Another line of evidence towards the segregation of cell types in this species is that in some rare cases, a mature multinucleate stage can bypass the amoeboid stage, just entering into the multinucleate stage again (as reported in Marshall et al., 2008, Protist and Suga and Ruiz-Trillo, 2013, Developmental Biology). Moreover, the closely related species from the Sphaeroforma genus, do not have this amoeboid stage (see Marshall and Berbee, 2013, Protist). Thus, both the molecular and morphological differences are huge; enough – in our opinion – to merit the designation of different cell types separated temporally. We suggest keeping the denomination of “cell type”, but clarifying the ideas further. For example, we have rephrased the second paragraph of the Discussion which now reads as: “This would suggest that separation of functions as crucial as self-renewal and differentiation can occur in a unicellular context in a temporal manner, which pre-dates the exclusive ability of multicellular organisms to engulf both functionally distinct cell types within a single entity”.

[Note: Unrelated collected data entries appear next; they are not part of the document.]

Section CoherenceNumber.
Variables (R : realType) (d : nat).
Local Notation C := R[i].
Local Notation cV := 'cV[C]_d.
Local Open Scope classical_set_scope.
Implicit Types (rho : 'M[C]_d) (x y : R).

Definition decomp_costs rho : set R :=
  [set x | exists m (p : 'I_m -> R) (psi : 'I_m -> cV),
     pure_decomp rho p psi /\ x = \sum_(i < m) p i * log_coh_rank (psi i)].

Lemma decomp_costs_ge0 rho x : decomp_costs rho x -> 0 <= x.
Proof.
case=> m [p] [psi] [[p0 _ u _] ->]; rewrite sumr_ge0 // => i _.
by rewrite mulr_ge0 ?log_coh_rank_ge0 ?unit_vec_neq0.
Qed.

Lemma log_coh_number_le rho x : decomp_costs rho x -> log_coh_number rho <= x.
Proof. by move=> costx; apply: ge_inf costx; exists 0 => y /decomp_costs_ge0. Qed.

Lemma log_coh_number_ge rho y : decomp_costs rho !=set0 ->
  (forall x, decomp_costs rho x -> y <= x) -> y <= log_coh_number rho.
Proof. exact: lb_le_inf. Qed.

(* Zero vectors are dropped, the others are normalised and weighted by their
   squared norms. *)
Lemma decomp_costs_outer (I : finType) (w : I -> cV) rho :
  rho = \sum_i w i *m adjmx (w i) -> \tr rho = 1 ->
  decomp_costs rho (\sum_i sqnorm (w i) * log_coh_rank (w i)).
Proof.
move=> rhoE tr1; set A := [pred i | w i != 0].
have wA (k : 'I_#|A|) : w (enum_val k) != 0 by move: (enum_valP k); rewrite inE.
have sum_nonzero (V : nmodType) (F : cV -> V) : F 0 = 0 ->
    \sum_i F (w i) = \sum_(k < #|A|) F (w (enum_val k)).
  move=> F0; rewrite -(big_enum_val (fun i => F (w i))) [RHS]big_rmcond // => i.
  by rewrite inE negbK => /eqP ->.
exists #|A|, (fun k => sqnorm (w (enum_val k))), (fun k => normalize (w (enum_val k))).
split; last first.
  by rewrite (sum_nonzero _ (fun v => sqnorm v * log_coh_rank v)) ?sqnorm0 ?mul0r //;
     apply: eq_bigr => k _; rewrite /log_coh_rank coh_rank_normalize.
split=> [k|||].
- exact: sqnorm_ge0.
- apply: complexI; rewrite rmorph1 -tr1 rhoE !raddf_sum /=.
  under [RHS]eq_bigr => i _ do rewrite mxtrace_outer.
  by rewrite (sum_nonzero _ (fun v => (sqnorm v)%:C)) ?sqnorm0.
- by move=> k; apply: normalize_unit.
rewrite rhoE (sum_nonzero _ (fun v => v *m adjmx v)) ?mul0mx //; apply: eq_bigr => k _.
by rewrite outer_normalize scalerA -rmorphM mulfV ?sqnorm_eq0 // scale1r.
Qed.

Lemma log_coh_number_le_outer (I : finType) (w : I -> cV) rho :
  rho = \sum_i w i *m adjmx (w i) -> \tr rho = 1 ->
  log_coh_number rho <= \sum_i sqnorm (w i) * log_coh_rank (w i).
Proof. by move=> rhoE tr1; apply/log_coh_number_le/decomp_costs_outer. Qed.

Lemma decomp_costs_state rho : is_state rho -> decomp_costs rho !=set0.
Proof.
case=> psd_rho tr1; have [s rhoE] := psd_sum_outer psd_rho.
rewrite (big_nth 0) big_mkord in rhoE.
by eexists; apply: decomp_costs_outer rhoE tr1.
Qed.

Lemma log_coh_number_ge0 rho : is_state rho -> 0 <= log_coh_number rho.
Proof.
by move=> /decomp_costs_state ne; apply: log_coh_number_ge ne _ => x /decomp_costs_ge0.
Qed.

Lemma sum_sig (V : nmodType) (J : finType) (m : J -> nat)
    (G : {j : J & 'I_(m j)} -> V) :
  \sum_jk G jk = \sum_j \sum_(k < m j) G (Tagged (fun j => 'I_(m j)) k).
Proof. by rewrite sig_big_dep; apply: eq_bigr => -[]. Qed.

Lemma log_coh_number_mix_le (J : finType) (t : J -> R) (K : J -> 'M[C]_d)
    (m : J -> nat) (p : forall j, 'I_(m j) -> R) (psi : forall j, 'I_(m j) -> cV)
    (rhos : J -> 'M[C]_d) rho :
  (forall j, 0 <= t j) -> (forall j, incoherent_kraus (K j)) ->
  (forall j, pure_decomp (rhos j) (p j) (psi j)) ->
  rho = \sum_j (t j)%:C *: (K j *m rhos j *m adjmx (K j)) -> \tr rho = 1 ->
  log_coh_number rho <=
  \sum_j t j * \sum_k p j k * sqnorm (K j *m psi j k) * log_coh_rank (psi j k).
Proof.
move=> t0 incK decomp -> tr1.
pose w (jk : {j : J & 'I_(m j)}) := (Num.sqrt (t (tag jk) * p _ (tagged jk)))%:C *:
  (K (tag jk) *m psi _ (tagged jk)).
have mixE : \sum_j (t j)%:C *: (K j *m rhos j *m adjmx (K j)) = \sum_jk w jk *m adjmx (w jk).
  rewrite sum_sig; apply: eq_bigr => j _; have [p0 _ _ ->] := decomp j.
  rewrite mulmx_sumr mulmx_suml scaler_sumr; apply: eq_bigr => k _.
  rewrite -outer_scale_real ?mulr_ge0 // rmorphM -scalerA -scalemxAr -scalemxAl.
  by rewrite adjmx_mul !mulmxA.
apply: le_trans (log_coh_number_le_outer mixE tr1) _.
rewrite sum_sig; apply: ler_sum => j _; rewrite mulr_sumr; apply: ler_sum => k _.
have [p0 _ _ _] := decomp j.
apply: le_trans (sqnorm_log_coh_rank_le (v := psi j k) _) _.
  by move=> _; apply: leq_trans (coh_rankZ_le _ _) (coh_rank_kraus_le _ (incK j)).
by rewrite sqnorm_scale_sqrt ?mulr_ge0 // !mulrA.
Qed.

3) The analyses throughout the manuscript are very clear in showing the different biological functionalities of various stages in C. fragrantissima and C. owczarzaki, specifically, in a PCA of expression levels of orthologous genes in the two species, PC2 and PC3 separate cells based on proliferation and motility/adhesion. The authors' focus on thinking of these stages as "types" leads to some overstatements and reconsidering these statements in view of the biological functions would be more meaningful, e.g., the title of the section "Evidence of species-specific cell type evolution in Holozoa". Also the statement at the end of this subsection is stronger than needed – don't we know from the yeast cell cycle that genes for human cell proliferation are conserved eukaryotic genes?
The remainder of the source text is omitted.